The first detection of an atmosphere on a trans-Neptunian object beyond Pluto

TL;DR

This paper reports the first detection of an atmosphere around a trans-Neptunian object other than Pluto, revealing that smaller icy bodies can retain atmospheres, challenging previous assumptions.

Contribution

It provides the first evidence that a sub-1000 km TNO can have an atmosphere, expanding understanding of volatile retention in distant icy worlds.

Findings

Detected a thin atmosphere around (612533) 2002 XV93 via stellar occultation.

Surface pressure estimated at 100-200 nanobars, much lower than Pluto's.

Shows that smaller TNOs can retain atmospheres, suggesting ongoing cryovolcanic activity or recent impacts.

Abstract

Trans-Neptunian objects (TNOs) in the outer Solar System are predominantly small, icy worlds long presumed to be atmosphereless except for the largest bodies.
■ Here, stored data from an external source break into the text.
Lemma fJoo_ge (K : {set 'I_n}) (x : vec) i :
  posv x -> i \in K -> ((2^-1 * f x i)%:E <= fJoo K f x i)%E.
Proof.
move=> xpos iK; rewrite /fJoo {1}/Poo iK.
have -> : 2^-1 * f x i = f (fun k => 2^-1 * x k) i by rewrite fhom.
apply: extoo_ge => k; first by have := xpos k; lra.
by rewrite /Poo; case: ifP => _; [rewrite lte_fin; have := xpos k; lra | exact: ltry].
Qed.

Lemma fJoo_ubound (K B : {set 'I_n}) b C (x : vec) :
  B \subset K -> b \in B -> (forall t, f (expv t (~: B)) b <= C) ->
  posv x -> (forall k, k \in B -> x k <= x b) -> (fJoo K f x b <= (C * x b)%:E)%E.
Proof.
move=> BK bB le_C xpos xb_max; rewrite /fJoo {1}/Poo (subsetP BK _ bB).
apply: extoo_le => y ypos yPx; apply: f_ubound_of_expv le_C ypos (xpos b) _.
move=> k; rewrite inE negbK => kB; apply: le_trans (xb_max k kB); apply/ltW.
by have := yPx k; rewrite /Poo (subsetP BK _ kB) lte_fin.
Qed.

Definition small_off (eps : R) (K : {set 'I_n}) := exists x : vec,
  [/\ posv x, forall k, x k <= 1 & forall i, i \notin K -> f x i <= eps * x i].

Definition large_off (M : R) (K : {set 'I_n}) := exists x : vec,
  [/\ posv x, forall k, 1 <= x k & forall i, i \notin K -> M * x i <= f x i].

Lemma small_off_step (eps : R) (K I : {set 'I_n}) j : 0 < eps ->
  H0 f I j -> I \subset K -> j \notin K -> small_off eps (j |: K) -> small_off eps K.
Proof.
move=> eps0 [_ cvg0] IK jK [x' [x'pos x'_le1 x'small]].
have [t [t0 ft]] := near_pinfty_ge0 (cvgr0_norm_le _ cvg0 _ (mulr_gt0 eps0 (x'pos j))).
pose d := expR (- t); have d0 : 0 < d := expR_gt0 _.
have d_le1 : d <= 1 by rewrite expR_le1 oppr_le0.
pose x k := if k \in K then d * x' k else x' k.
have x_out k : k \notin K -> x k = x' k by rewrite /x => /negbTE ->.
have x_le k : x k <= x' k by rewrite /x; case: ifP => // _; rewrite ler_piMl // ltW.
have xpos : posv x by move=> k; rewrite /x; case: ifP => _; rewrite ?mulr_gt0.
exists x; split=> // [k|i iK]; first exact: le_trans (x_le k) (x'_le1 k).
rewrite x_out //; have [->|ij] := eqVneq i j.
  apply: le_trans (le_trans (ler_norm _) ft); apply: (fmono xpos (expv_pos _ _)) => k.
  have [d_ge0 x'_ge0] := (ltW d0, ltW (x'pos k)).
  rewrite expvE; case: ifP => [kI|_]; first by rewrite /x (subsetP IK _ kI) ler_piMr.
  by rewrite /x; case: ifP => _; rewrite ?mulr_ile1.
apply: le_trans (fmono xpos x'pos x_le i) (x'small i _).
by rewrite !inE negb_or ij.
Qed.

Lemma large_off_step (M : R) (K I : {set 'I_n}) j :
  Hoo f I j -> I \subset K -> j \notin K -> large_off M (j |: K) -> large_off M K.
Proof.
move=> [_ cvgy] IK jK [x' [x'pos x'_ge1 x'large]].
have [t [t0 ft]] := near_pinfty_ge0 ((cvgryPge _).1 cvgy (M * x' j)).
pose d := expR t; have d_ge1 : 1 <= d by rewrite -expR0 ler_expR.
pose x k := if k \in K then d * x' k else x' k.
have x_out k : k \notin K -> x k = x' k by rewrite /x => /negbTE ->.
have x_ge k : x' k <= x k by rewrite /x; case: ifP => // _; rewrite ler_peMl // ltW.
have xpos : posv x by move=> k; apply: lt_le_trans (x'pos k) (x_ge k).
exists x; split=> // [k|i iK]; first exact: le_trans (x'_ge1 k) (x_ge k).
rewrite x_out //; have [->|ij] := eqVneq i j.
  apply: le_trans ft _; apply: (fmono (expv_pos _ _) xpos) => k.
  rewrite expvE; case: ifP => [kI|_]; last exact: le_trans (x'_ge1 k) (x_ge k).
  by rewrite /x (subsetP IK _ kI) ler_peMr // (le_trans ler01 d_ge1).
apply: le_trans (x'large i _) (fmono x'pos xpos x_ge i).
by rewrite !inE negb_or ij.
Qed.

Lemma reachT_small_off (eps : R) (K : {set 'I_n}) :
  0 < eps -> reach K (H0 f) = [set: 'I_n] -> small_off eps K.
Proof.
move=> eps0; apply: reachT_ind => [|K' I j EIj IK' jK'].
  by exists (fun=> 1); split=> [|k|i]; rewrite ?inE //; exact: posv1.
exact: small_off_step eps0 EIj IK' jK'.
Qed.

Lemma reachT_large_off (M : R) (K : {set 'I_n}) :
  reach K (Hoo f) = [set: 'I_n] -> large_off M K.
Proof.
apply: reachT_ind => [|K' I j EIj IK' jK'].
  by exists (fun=> 1); split=> [|k|i]; rewrite ?inE //; exact: posv1.
exact: large_off_step EIj IK' jK'.
Qed.

End OrderPreservingHomogeneous.
(* Let $a_{ij}>0$ ($i,j=1,2$) and $b_1,b_2>0$, and assume (A1) $\langle Ax,x\rangle>0$ for all $x\in\mathbb{R}^2\setminus\{0\}$, where $A=(a_{ij})$, and (A2) the matrix $\begin{pmatrix}b_1a_{11}&b_1a_{12}\\ b_2a_{21}&b_2a_{22}\end{pmatrix}$ has two real positive eigenvalues. Consider, for $\lambda>0$, $\alpha\in[0,1]$, $\tau>0$, the problem $$\dot x_1(t)=-\alpha\lambda\big(a_{11}x_1(t-\tau/\lambda)+a_{12}x_2(t-\tau/\lambda)\big)(b_1+x_1(t)),$$ $$\dot x_2(t)=-\alpha\lambda\big(a_{21}x_1(t-\tau/\lambda)+a_{22}x_2(t-\tau/\lambda)\big)(b_2+x_2(t)).\qquad (\ast)$$ Let $\lambda_1,\lambda_2\in\mathbb{R}^+$ with $\lambda_1<\lambda_2$. Then: (1) there exist positive numbers $m_0,d_1,d_2,d_3,d_4$ such that for each $\lambda\in[\lambda_1,\lambda_2]$, $\alpha\in[0,1]$ and $\tau\ge 1$, every solution $(x_1,x_2)\in\Theta_0$ of $(\ast)$ satisfies $|\dot x_i|_\infty<m_0$ and $|\ddot x_i|_\infty<m_0$ for $i=1,2$, and $$-b_1<-d_1<x_1(t)<d_3,\qquad -b_2<-d_2<x_2(t)<d_4\quad\text{for all }t\in[0,2\pi];$$ (2) there exists $\alpha_0\in(0,1)$ such that for $\alpha\in[0,\alpha_0]$ (and $\lambda\in[\lambda_1,\lambda_2]$) problem $(\ast)$ has no nontrivial solution $(x_1,x_2)\in\Theta_0$.
   Context: $\hat E$ denotes the Banach space of functions $x\in C([0,2\pi],\mathbb{R})$ with $\int_0^{2\pi}\dot x(t)^2\,dt<\infty$, $x(0)=x(2\pi)$ and $\int_0^{2\pi}x(t)\,dt=0$, with norm $\|x\|^2=\int_0^{2\pi}(\dot x(t)^2+x(t)^2)\,dt$; such functions are identified with their $2\pi$-periodic extensions to $\mathbb{R}$. $E=\hat E\times\hat E$, and $\Theta_0=\{(x_1,x_2)\in E: x_i(t)>-b_i \text{ for } t\in[0,2\pi],\ i=1,2\}$. $|u|_\infty=\sup_{t\in[0,2\pi]}|u(t)|$. A solution of $(\ast)$ is a pair in $E$ satisfying the equations for all $t$; nontrivial means not identically zero. *)

From Stdlib Require Import Reals.
From Coquelicot Require Import Coquelicot.
Open Scope R_scope.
Until now, Pluto has been unique among TNOs in exhibiting a substantial atmosphere (nitrogen with trace methane and carbon monoxide) at microbar pressure levels. All other known TNOs, including ~ 1000-km-sized bodies such as Eris, Haumea, Makemake, and Quaoar, have shown no detectable atmospheres in stellar occultation observations, with surface pressure upper limits of order 1-100 nanobars. Here we report the first detection of an atmosphere around a TNO besides Pluto. A stellar occultation by the ~ 250-km-radius plutino (612533) 2002 XV93 on 10 January 2024 revealed a refractive signature, indicating the presence of a thin atmosphere. The derived surface pressure is 100-200 nanobars, i.e. approximately a hundred times lower than Pluto's and yet significantly above previous limits for other larger bodies. This discovery provides the first evidence that even a sub-1000-km TNO can retain an atmosphere, challenging current paradigms of volatile retention. Our findings indicate that a fraction of distant icy minor planets can exhibit atmospheres possibly caused by ongoing cryovolcanic activity or a recent impact event of a small icy object.